Great policies are hardly the outcome of great intentions. What is often required, for a policy to be robust, is a holistic, comprehensive assessment of risks that the policy may bring about, and what mitigation strategies can be put in place for the smooth functioning of the policy. The Amendment to the Maternity Benefits Act, 1961 in 2017 is one such policy. The legislative intent of the policy was commendable — it was a progressive legislation that put the needs of the ‘working mother’ at the centre, and this reinforced the work-life balance that extant workplaces hold significant in their organisational policies. And the purported effect of the policy was to encourage retention. However, the policy disincentivises companies and organisations from hiring more women — this results in the further decline of the labour force participation of women in India.
A extensive report titled ‘The Impact of Maternity Benefits on Business and Employment’ by TeamLease Services, compiled after surveying 350 start-ups and SMEs, stated that in this financial year, between 11 to 18 lakh women are likely to find it difficult to enter the labour force. This number does not include the annual attrition rate of women employees in 2018-19. The study was conducted across ten key sectors which included education, aviation, real estate, e-commerce, manufacturing, retail, tourism and information technology. The report suggests that about 26 percent of the respondents in the survey explicitly admitted to preferring male candidates as employees, instead of hiring women; 40 percent of respondents expressly stated that they would vet the additional cost of paid maternity leave while hiring female candidates — thereby creating one more invisible criterion that women in the labour force participation will have to fulfil during the hiring process. Therefore, a total of 66 percent respondents expressly stated that they would discriminate against female candidates because of the Maternity Benefits Amendment Act. Moreover, 35 percent of these respondents stated that they anticipated a negative impact of the Amendment Act, and believe that it will impact both cost and profitability of their business.
The report does not bring forth anything widely shocking — it simply portrays how companies and organisations strategise while considering the intake of women in the work force. However, it is significant to ask ourselves whether the legislative intent had taken into account the patriarchal nature of industries and sectors while drafting the amendment, and provided for a risk mitigation design around this.
The Maternity Benefit (Amendment) Act was passed in April 2017, and was lauded for its endeavour to make workplaces more inclusive. India was considered the third most progressive country, after Canada and Norway, to have moved in the direction of providing for fair maternity benefits and a workplace policy that upheld the interests of working mothers. The Act extended paid maternity leave for female workers in the organised sector from 12 weeks to 26 weeks, and ensured that women would remain a part of the work force even after childbirth. But what the Act was unable to predict was that this regulatory model, while protecting the retention of women, would adversely affect the ways in which women are able to enter the labour force. A policy that had all the good intentions, and endeavoured to “bring women in the workforce closer to workplace equality” is now the reason why companies and businesses are reluctant to hire more women.
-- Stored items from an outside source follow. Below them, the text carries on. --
(* Let $C$ be a norm-closed convex bounded subset of $L_1([0,1])$ and let $\tau$ be the topology of convergence in measure on $L_1([0,1])$. Then $H(C,\overline{C}^\tau)\le \operatorname{diam}(C)/2$. Moreover, if $H(C,\overline{C}^\tau)=\operatorname{diam}(C)/2$, then $t(C)=2$.
   Context: $\overline{C}^\tau$ denotes the closure of $C$ in the topology $\tau$ of convergence in measure (Lebesgue measure on $[0,1]$), and $H(A,B)$ denotes the Hausdorff distance (with respect to the $L_1$ norm) between sets $A$ and $B$. The coefficient $t(C)$ is defined by $$t(C)=\inf\Big\{\lambda\ge 0:\ \inf_{c\in C}\limsup_n\|c-x_n\|\le \lambda\limsup_n\|x-x_n\| \text{ for all sequences }(x_n)\subset C \text{ and all } x\in L_1([0,1]) \text{ with } x_n\to x \text{ in } \tau\Big\}.$$ *)

(* L_1([0,1]) is modelled by functions R -> R that are
   Lebesgue integrable on `[0,1]; the L_1 (semi)norm distance is computed on
   `[0,1]. Sets of such functions play the role of subsets of L_1. *)
From HB Require Import structures.
From mathcomp Require Import all_boot all_order all_algebra.
From mathcomp Require Import all_classical all_reals all_analysis.
Set Implicit Arguments. Unset Strict Implicit. Unset Printing Implicit Defensive.
Import Order.TTheory GRing.Theory Num.Theory.
Local Open Scope classical_set_scope.
Local Open Scope ring_scope.

Section L1defs.
Variable R : realType.

Definition unit_itv : set R := `[0%R, 1%R].

Definition isL1 (x : R -> R) : Prop :=
  (@lebesgue_measure R).-integrable unit_itv (EFin \o x).

Definition L1dist (f g : R -> R) : \bar R :=
  (\int[@lebesgue_measure R]_(t in unit_itv) (`|f t - g t|)%:E)%E.

Definition cvg_in_measure (u : nat -> R -> R) (x : R -> R) : Prop :=
  forall eps : R, 0 < eps ->
    (fun n => @lebesgue_measure R (unit_itv `&` [set t | eps < `|u n t - x t|]))
      @ \oo --> 0%E.
Lemma adapted_measurable d (Omega : measurableType d) (R : realType)
    (F : nat -> set (set Omega)) (X : nat -> Omega -> \bar R) :
  is_filtration F -> adapted F X -> forall T, measurable_fun setT (X T.+1).
Proof.
move=> [_ [F_meas _]] adX T _ B mB; rewrite setTI.
exact: F_meas _ (adX T.+1 isT B mB).
Qed.

Section screening.
Variables (R : realType) (d : measure_display) (Omega : measurableType d).
Variable P : probability Omega R.
Variables (k m : nat) (theta : nat -> R) (L U : 'I_k -> R -> nat -> Omega -> \bar R).
Variable a : R.
Hypothesis m_gt0 : (1 <= m)%N.
Hypothesis m_lt_k : (m < k)%N.
Hypothesis theta_nonincr : forall i j : nat, (i <= j)%N -> (j < k)%N -> theta j <= theta i.
Hypothesis gap : theta m < theta m.-1.
Hypothesis LU : forall i T w, (L i a T w <= U i a T w)%E.
Hypothesis mL : forall i T, measurable_fun setT (L i a T.+1).
Hypothesis mU : forall i T, measurable_fun setT (U i a T.+1).
Hypothesis crossing_le : forall i : 'I_k,
  (P [set w | exists T, (1 <= T)%N /\ ((theta i)%:E <= L i a T w)%E] <= a%:E)%E /\
  (P [set w | exists T, (1 <= T)%N /\ ((theta i)%:E >= U i a T w)%E] <= a%:E)%E.
Let S := promising k m theta.
Let Shat := SCS m L U a.

Definition violation (i : 'I_k) : set Omega :=
  if i \in S then [set w | exists T, (1 <= T)%N /\ ((theta i)%:E >= U i a T w)%E]
  else [set w | exists T, (1 <= T)%N /\ ((theta i)%:E <= L i a T w)%E].

Lemma measurable_violation i : measurable (violation i).
Proof.
rewrite /violation; case: ifP => _; apply: measurable_exists_pos => T.
  by have := measurable_lee measurableT (mU i T) (measurable_cst (theta i)%:E); rewrite setTI.
by have := measurable_lee measurableT (measurable_cst (theta i)%:E) (mL i T); rewrite setTI.
Qed.

Lemma prob_violation_le : (P (\bigcup_i violation i) <= (k%:R * a)%:E)%E.
Proof.
rewrite -[k in k%:R]card_ord; apply: measure_fin_bigcup_le => i.
  exact: measurable_violation.
by rewrite /violation; case: ifP => _; case: (crossing_le i).
Qed.

Lemma separated_of_no_violation w : ~ (\bigcup_i violation i) w ->
  forall T i j, i \in S -> j \notin S -> (L j a T.+1 w < U i a T.+1 w)%E.
Proof.
move=> no_viol T i j Si Sj.
have Ui : ((theta i)%:E < U i a T.+1 w)%E.
  rewrite ltNge; apply/negP => Ui; apply: no_viol; exists i => //.
  by rewrite /violation Si; exists T.+1.
have Lj : (L j a T.+1 w < (theta j)%:E)%E.
  rewrite ltNge; apply/negP => Lj; apply: no_viol; exists j => //.
  by rewrite /violation (negbTE Sj); exists T.+1.
by apply: lt_trans Lj (lt_trans _ Ui); rewrite lte_fin (promising_lt Si Sj).
Qed.

Let card_S := card_promising m_gt0 m_lt_k theta_nonincr gap.

Lemma promising_subset_SCS w : ~ (\bigcup_i violation i) w -> forall T, S \subset Shat T w.
Proof.
move=> no_viol; apply: subset_SCS => //; first by rewrite card_S.
by move=> T i j Si Sj; apply/ltW/separated_of_no_violation.
Qed.

Lemma prob_promising_subset_SCS (alpha : R) : k%:R * a <= alpha ->
  ((1 - alpha)%:E <= P [set w | forall T, (1 <= T)%N -> S \subset Shat T w])%E.
Proof.
move=> ka_le; apply: (probability_ge_compl _ _ _ prob_violation_le ka_le).
- exact: fin_bigcup_measurable finite_finset (fun i _ => measurable_violation i).
- rewrite (_ : [set w | _] = \bigcap_T [set w | (1 <= T)%N -> S \subset Shat T w]).
    apply: bigcapT_measurable => T.
    exact: (measurable_SCS m_gt0 mL mU T (fun s => (1 <= T)%N -> S \subset s)).
  by apply/seteqP; split => w /= SShat T; [move=> _|]; apply: SShat.
- by move=> w no_viol T _; apply: promising_subset_SCS.
Qed.

Definition deviation_at (eps : R) (T : nat) : set Omega :=
  \bigcup_i (deviates eps (L i a T) (theta i) `|` deviates eps (U i a T) (theta i)).

Definition persistent_deviation (eps : R) : set Omega :=
  \bigcap_T deviation_at eps T.+1.

Lemma measurable_deviation_at eps T : measurable (deviation_at eps T.+1).
Proof.
apply: fin_bigcup_measurable finite_finset _ => i _.
by apply: measurableU; exact: measurable_deviates.
Qed.

Lemma measurable_persistent_deviation eps : measurable (persistent_deviation eps).
Proof. exact: bigcapT_measurable (measurable_deviation_at eps). Qed.

Lemma persistent_deviation0 eps : 0 < eps ->
  (forall i, cvg_in_prob P (U i a) (theta i) /\ cvg_in_prob P (L i a) (theta i)) ->
  P (persistent_deviation eps) = 0%E.
Proof.
move=> eps_gt0 cvgLU.
apply: measure_bigcap_eq0 (measurable_deviation_at eps) _ => e e_gt0.
have k_gt0 : 0 < k%:R :> R by rewrite ltr0n (leq_ltn_trans (leq0n m) m_lt_k).
pose del := e / (2 * k%:R).
have del_gt0 : 0 < del by rewrite divr_gt0 // mulr_gt0.
have [N _ smallN] : \forall T \near \oo, forall i,
    (P (deviates eps (L i a T) (theta i)) < del%:E)%E /\
    (P (deviates eps (U i a T) (theta i)) < del%:E)%E.
  apply: filter_forall => i; have [cvgU cvgL] := cvgLU i.
  by apply: filterS2 (cvg_in_prob_eventually_lt cvgL eps_gt0 del_gt0)
    (cvg_in_prob_eventually_lt cvgU eps_gt0 del_gt0) => T.
exists N; have -> : e = k%:R * (del + del) by rewrite /del; field; rewrite gt_eqF.
rewrite -[k in k%:R]card_ord; apply: measure_fin_bigcup_le => i.
  by apply: measurableU; exact: measurable_deviates.
have [devL devU] := smallN N.+1 (leqnSn N) i.
apply: le_trans (measureU2 _ _ _) _; try exact: measurable_deviates.
by rewrite EFinD leeD // ltW.
Qed.

Let eps := (theta m.-1 - theta m) / 3.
A report of the International Labour Organisation (ILO) states that India’s female labour force participation rate (LFPR) has fallen from 34.1 percent in 1990-00s to about 27.2 percent in 2011-12. According to the TeamLease report, the amendment has supported the retention of women in the work force — the retention rate of women has increased to 56 percent from 33 percent, but the negative impact has been that new women are being turned away from joining the work force, thereby, contributing to the decline of the female LFPR.
The Amendment Act has no safeguards for this decline. It does not take into account the deep, intricate socio-economic factors that determine a low female LFPR. The ILO report points out the complex interaction of these factors in India - “Based on global evidence, some of the most important drivers include educational attainment, fertility rates and the age of marriage, economic growth/cyclical effects, and urbanisation. In addition to these issues, social norms determining the role of women in the public domain continue to affect outcomes.” Had the legislation kept these things in mind, it would have made space for the various risks in the sourcing of employment for women.
In India, companies and businesses still perceive women as resource-draining, and the Amendment came as a “gender-specific” restraint. The Amendment pushes for social change without incentivising the businesses for doing so, and this in turn, results in them shirking from hiring more women. Sadly, this is a legislative loophole. A comprehensive regulatory model of maternity benefits would not put the entire burden of financing paid leave on businesses and organisations, that already have biases against hiring women. An alternate model of paid maternity benefits is one where the State and the employer jointly share the costs of such benefits. This makes for a holistic approach where the State is also invested in the process of increasing female labour participation, while simultaneously, businesses ensure that female workers are retained. Another ILO report from 2014 that focusses on laws and practices on maternity (and paternity) at work, states that 58 percent of all countries make the policy of paid maternity benefits possible through social security, and 16 percent fund paid maternity benefits through a state and employer shared model. Only a quarter of all countries, therefore, put the full liability of maternity benefits on the employer; this is not to say that this model is not feasible globally, but in India, where businesses already don’t hire many women, implementing this model is difficult.
Women in India already have to navigate between the public and the private, and are culturally expected to uphold the double burden, and the Amendment does not incorporate this dilemma (and its solution) within the policy.